Start of Block

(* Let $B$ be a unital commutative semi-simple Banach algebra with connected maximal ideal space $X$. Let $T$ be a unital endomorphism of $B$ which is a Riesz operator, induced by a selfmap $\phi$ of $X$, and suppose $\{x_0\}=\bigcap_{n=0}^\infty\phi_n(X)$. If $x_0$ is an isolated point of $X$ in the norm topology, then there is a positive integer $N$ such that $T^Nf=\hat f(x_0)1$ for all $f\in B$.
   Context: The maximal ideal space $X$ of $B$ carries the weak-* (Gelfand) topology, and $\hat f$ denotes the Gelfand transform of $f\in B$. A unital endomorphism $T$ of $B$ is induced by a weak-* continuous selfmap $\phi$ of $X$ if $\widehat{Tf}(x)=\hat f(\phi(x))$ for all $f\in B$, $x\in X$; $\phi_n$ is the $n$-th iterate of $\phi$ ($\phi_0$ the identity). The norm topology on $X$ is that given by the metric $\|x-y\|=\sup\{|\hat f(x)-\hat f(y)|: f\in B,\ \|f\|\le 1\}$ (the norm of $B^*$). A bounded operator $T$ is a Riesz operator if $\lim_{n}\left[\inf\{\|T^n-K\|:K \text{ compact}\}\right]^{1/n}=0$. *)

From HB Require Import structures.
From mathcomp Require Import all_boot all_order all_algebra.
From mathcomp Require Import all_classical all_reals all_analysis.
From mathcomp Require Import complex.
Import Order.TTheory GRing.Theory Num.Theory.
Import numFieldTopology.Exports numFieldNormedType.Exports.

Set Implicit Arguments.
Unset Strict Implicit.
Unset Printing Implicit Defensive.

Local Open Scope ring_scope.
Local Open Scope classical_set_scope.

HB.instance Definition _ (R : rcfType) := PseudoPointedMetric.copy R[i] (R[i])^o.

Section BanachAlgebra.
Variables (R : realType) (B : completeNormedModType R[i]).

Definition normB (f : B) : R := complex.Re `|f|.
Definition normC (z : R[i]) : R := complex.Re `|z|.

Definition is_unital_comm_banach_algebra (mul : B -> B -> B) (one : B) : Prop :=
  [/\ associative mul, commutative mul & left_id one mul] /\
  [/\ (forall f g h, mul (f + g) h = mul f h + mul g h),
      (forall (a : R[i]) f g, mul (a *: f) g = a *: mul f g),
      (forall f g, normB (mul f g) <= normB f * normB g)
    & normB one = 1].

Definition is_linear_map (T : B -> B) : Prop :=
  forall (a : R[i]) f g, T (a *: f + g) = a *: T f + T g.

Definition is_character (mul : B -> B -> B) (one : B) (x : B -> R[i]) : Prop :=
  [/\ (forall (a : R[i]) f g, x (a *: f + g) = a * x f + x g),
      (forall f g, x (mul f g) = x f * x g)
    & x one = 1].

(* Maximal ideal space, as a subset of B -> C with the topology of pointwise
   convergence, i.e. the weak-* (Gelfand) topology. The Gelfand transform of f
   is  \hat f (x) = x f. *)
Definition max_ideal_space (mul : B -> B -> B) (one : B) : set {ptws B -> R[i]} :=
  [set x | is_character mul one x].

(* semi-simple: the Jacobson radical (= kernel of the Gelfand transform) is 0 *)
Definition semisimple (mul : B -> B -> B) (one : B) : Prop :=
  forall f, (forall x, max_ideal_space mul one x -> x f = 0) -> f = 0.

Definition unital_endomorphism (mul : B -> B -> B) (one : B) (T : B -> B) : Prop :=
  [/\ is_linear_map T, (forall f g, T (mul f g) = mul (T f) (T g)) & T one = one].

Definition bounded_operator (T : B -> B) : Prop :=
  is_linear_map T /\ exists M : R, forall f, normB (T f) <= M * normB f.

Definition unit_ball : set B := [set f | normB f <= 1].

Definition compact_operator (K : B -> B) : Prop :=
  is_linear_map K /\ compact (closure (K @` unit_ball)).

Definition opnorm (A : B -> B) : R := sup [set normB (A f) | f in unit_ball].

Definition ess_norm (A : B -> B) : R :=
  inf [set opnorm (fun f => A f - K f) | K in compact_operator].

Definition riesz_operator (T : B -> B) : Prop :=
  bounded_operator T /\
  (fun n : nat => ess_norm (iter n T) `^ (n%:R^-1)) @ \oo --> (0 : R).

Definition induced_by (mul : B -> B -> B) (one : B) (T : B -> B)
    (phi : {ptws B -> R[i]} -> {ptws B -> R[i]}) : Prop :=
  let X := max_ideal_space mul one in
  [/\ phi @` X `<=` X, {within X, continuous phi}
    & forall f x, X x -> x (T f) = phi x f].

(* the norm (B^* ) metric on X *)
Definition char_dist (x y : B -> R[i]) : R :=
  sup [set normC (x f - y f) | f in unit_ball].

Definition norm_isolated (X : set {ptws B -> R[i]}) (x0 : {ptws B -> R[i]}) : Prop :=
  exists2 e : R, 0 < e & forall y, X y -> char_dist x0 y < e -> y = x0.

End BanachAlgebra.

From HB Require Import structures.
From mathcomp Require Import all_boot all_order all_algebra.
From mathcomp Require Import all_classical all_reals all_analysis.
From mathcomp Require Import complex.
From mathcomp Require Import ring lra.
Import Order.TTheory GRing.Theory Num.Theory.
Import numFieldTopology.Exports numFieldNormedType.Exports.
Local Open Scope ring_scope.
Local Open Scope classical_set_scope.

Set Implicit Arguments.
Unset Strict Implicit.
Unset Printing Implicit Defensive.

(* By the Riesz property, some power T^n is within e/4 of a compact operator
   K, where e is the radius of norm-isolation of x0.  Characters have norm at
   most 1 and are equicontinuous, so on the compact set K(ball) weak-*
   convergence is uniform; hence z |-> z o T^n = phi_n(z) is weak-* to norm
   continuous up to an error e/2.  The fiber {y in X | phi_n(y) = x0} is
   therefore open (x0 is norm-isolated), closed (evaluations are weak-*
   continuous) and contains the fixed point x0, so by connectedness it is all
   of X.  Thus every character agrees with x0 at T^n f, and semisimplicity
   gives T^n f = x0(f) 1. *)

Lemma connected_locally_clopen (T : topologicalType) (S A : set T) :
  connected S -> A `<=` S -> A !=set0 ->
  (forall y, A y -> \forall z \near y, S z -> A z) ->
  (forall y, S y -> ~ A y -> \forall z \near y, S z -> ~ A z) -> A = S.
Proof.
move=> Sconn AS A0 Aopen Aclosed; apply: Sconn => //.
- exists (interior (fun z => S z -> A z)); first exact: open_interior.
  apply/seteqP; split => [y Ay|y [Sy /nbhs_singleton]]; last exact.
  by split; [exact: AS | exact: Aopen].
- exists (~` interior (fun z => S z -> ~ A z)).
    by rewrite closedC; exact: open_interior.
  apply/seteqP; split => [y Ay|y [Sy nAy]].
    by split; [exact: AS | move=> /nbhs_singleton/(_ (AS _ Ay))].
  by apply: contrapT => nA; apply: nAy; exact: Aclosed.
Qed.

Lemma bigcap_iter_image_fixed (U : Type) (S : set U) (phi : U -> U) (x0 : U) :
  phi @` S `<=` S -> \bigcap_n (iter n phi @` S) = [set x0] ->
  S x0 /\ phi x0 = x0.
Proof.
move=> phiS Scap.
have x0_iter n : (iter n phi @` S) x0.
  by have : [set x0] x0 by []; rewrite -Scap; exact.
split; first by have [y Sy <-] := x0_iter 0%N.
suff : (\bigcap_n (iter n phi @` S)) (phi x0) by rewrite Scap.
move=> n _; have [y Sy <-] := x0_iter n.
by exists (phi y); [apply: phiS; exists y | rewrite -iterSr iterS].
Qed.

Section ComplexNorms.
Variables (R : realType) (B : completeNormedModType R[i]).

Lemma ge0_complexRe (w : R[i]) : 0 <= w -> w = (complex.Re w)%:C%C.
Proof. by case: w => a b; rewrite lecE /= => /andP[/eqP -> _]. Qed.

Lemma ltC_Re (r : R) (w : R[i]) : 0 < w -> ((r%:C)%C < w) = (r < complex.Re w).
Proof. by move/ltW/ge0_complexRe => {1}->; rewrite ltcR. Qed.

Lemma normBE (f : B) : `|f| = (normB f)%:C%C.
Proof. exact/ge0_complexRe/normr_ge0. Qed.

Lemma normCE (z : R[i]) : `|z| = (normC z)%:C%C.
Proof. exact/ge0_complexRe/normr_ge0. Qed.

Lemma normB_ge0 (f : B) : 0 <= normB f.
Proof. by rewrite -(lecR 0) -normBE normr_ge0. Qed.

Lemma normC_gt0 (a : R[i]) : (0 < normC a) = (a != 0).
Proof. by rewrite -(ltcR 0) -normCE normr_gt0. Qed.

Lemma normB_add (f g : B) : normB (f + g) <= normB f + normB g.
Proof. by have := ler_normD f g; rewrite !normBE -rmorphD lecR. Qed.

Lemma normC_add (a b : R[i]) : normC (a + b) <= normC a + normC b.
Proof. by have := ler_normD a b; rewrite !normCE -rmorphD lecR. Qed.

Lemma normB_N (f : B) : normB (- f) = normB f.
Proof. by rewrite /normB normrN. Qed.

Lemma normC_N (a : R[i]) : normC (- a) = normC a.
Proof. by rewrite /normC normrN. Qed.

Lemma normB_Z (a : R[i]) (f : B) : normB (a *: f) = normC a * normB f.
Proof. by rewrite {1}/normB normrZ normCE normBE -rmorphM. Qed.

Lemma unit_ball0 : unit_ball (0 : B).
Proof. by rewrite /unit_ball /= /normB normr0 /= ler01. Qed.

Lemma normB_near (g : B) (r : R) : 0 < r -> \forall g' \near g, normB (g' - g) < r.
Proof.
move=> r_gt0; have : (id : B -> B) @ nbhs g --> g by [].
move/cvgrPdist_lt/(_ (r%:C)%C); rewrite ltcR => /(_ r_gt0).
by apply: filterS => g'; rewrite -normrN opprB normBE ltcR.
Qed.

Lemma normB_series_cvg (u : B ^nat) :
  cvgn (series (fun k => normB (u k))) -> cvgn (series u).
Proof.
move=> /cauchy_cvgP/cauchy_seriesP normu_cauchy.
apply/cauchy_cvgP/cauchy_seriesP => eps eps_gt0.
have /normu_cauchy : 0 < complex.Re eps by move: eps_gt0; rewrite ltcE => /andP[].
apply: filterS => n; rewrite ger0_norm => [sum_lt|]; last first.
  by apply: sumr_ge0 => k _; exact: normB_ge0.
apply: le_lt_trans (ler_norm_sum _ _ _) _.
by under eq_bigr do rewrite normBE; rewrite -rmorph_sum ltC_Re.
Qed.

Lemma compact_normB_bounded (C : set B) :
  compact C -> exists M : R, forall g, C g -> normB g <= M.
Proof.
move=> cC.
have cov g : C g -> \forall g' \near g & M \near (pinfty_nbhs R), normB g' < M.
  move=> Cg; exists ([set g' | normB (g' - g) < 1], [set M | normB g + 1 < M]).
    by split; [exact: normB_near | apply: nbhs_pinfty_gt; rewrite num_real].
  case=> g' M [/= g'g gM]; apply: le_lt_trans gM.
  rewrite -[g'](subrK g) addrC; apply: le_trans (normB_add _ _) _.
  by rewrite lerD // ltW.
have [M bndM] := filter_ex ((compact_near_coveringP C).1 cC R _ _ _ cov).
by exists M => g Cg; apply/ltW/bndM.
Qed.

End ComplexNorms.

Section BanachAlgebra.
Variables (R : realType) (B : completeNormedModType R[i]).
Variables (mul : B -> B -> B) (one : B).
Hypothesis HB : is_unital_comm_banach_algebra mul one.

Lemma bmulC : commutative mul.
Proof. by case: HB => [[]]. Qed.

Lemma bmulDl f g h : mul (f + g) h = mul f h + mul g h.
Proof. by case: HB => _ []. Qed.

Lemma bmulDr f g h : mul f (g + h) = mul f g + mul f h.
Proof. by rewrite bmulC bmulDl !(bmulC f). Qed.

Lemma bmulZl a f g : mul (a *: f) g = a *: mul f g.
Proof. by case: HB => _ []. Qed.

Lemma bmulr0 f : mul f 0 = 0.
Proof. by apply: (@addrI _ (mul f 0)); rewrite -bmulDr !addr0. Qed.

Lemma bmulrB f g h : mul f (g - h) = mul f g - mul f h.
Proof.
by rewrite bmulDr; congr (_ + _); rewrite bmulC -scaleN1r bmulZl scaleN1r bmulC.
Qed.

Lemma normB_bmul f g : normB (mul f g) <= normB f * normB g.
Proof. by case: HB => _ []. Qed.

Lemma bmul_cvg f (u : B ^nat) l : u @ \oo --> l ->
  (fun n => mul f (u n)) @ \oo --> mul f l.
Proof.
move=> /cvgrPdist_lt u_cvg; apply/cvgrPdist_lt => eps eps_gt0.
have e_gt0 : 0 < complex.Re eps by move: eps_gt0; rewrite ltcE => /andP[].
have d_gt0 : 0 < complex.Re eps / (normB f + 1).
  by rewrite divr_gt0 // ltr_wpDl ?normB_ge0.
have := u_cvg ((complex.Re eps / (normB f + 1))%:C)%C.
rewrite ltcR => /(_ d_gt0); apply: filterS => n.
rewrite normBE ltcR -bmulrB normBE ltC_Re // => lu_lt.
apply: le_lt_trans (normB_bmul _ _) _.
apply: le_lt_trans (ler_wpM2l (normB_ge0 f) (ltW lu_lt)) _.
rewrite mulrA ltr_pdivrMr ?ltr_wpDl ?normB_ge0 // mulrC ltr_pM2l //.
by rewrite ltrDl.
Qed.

End of Block

Exercise requirements ▸
Copy the lines above exactly, beginning at the line that has "Definition riesz_operator (T" and stopping after the line that has "Definition norm_isolated (X", and omit the rest.

Task output ▸
Definition riesz_operator (T : B -> B) : Prop :=
  bounded_operator T /\
  (fun n : nat => ess_norm (iter n T) `^ (n%:R^-1)) @ \oo --> (0 : R).

Definition induced_by (mul : B -> B -> B) (one : B) (T : B -> B)
    (phi : {ptws B -> R[i]} -> {ptws B -> R[i]}) : Prop :=
  let X := max_ideal_space mul one in
  [/\ phi @` X `<=` X, {within X, continuous phi}
    & forall f x, X x -> x (T f) = phi x f].

(* the norm (B^* ) metric on X *)
Definition char_dist (x y : B -> R[i]) : R :=
  sup [set normC (x f - y f) | f in unit_ball].

Definition norm_isolated (X : set {ptws B -> R[i]}) (x0 : {ptws B -> R[i]}) : Prop :=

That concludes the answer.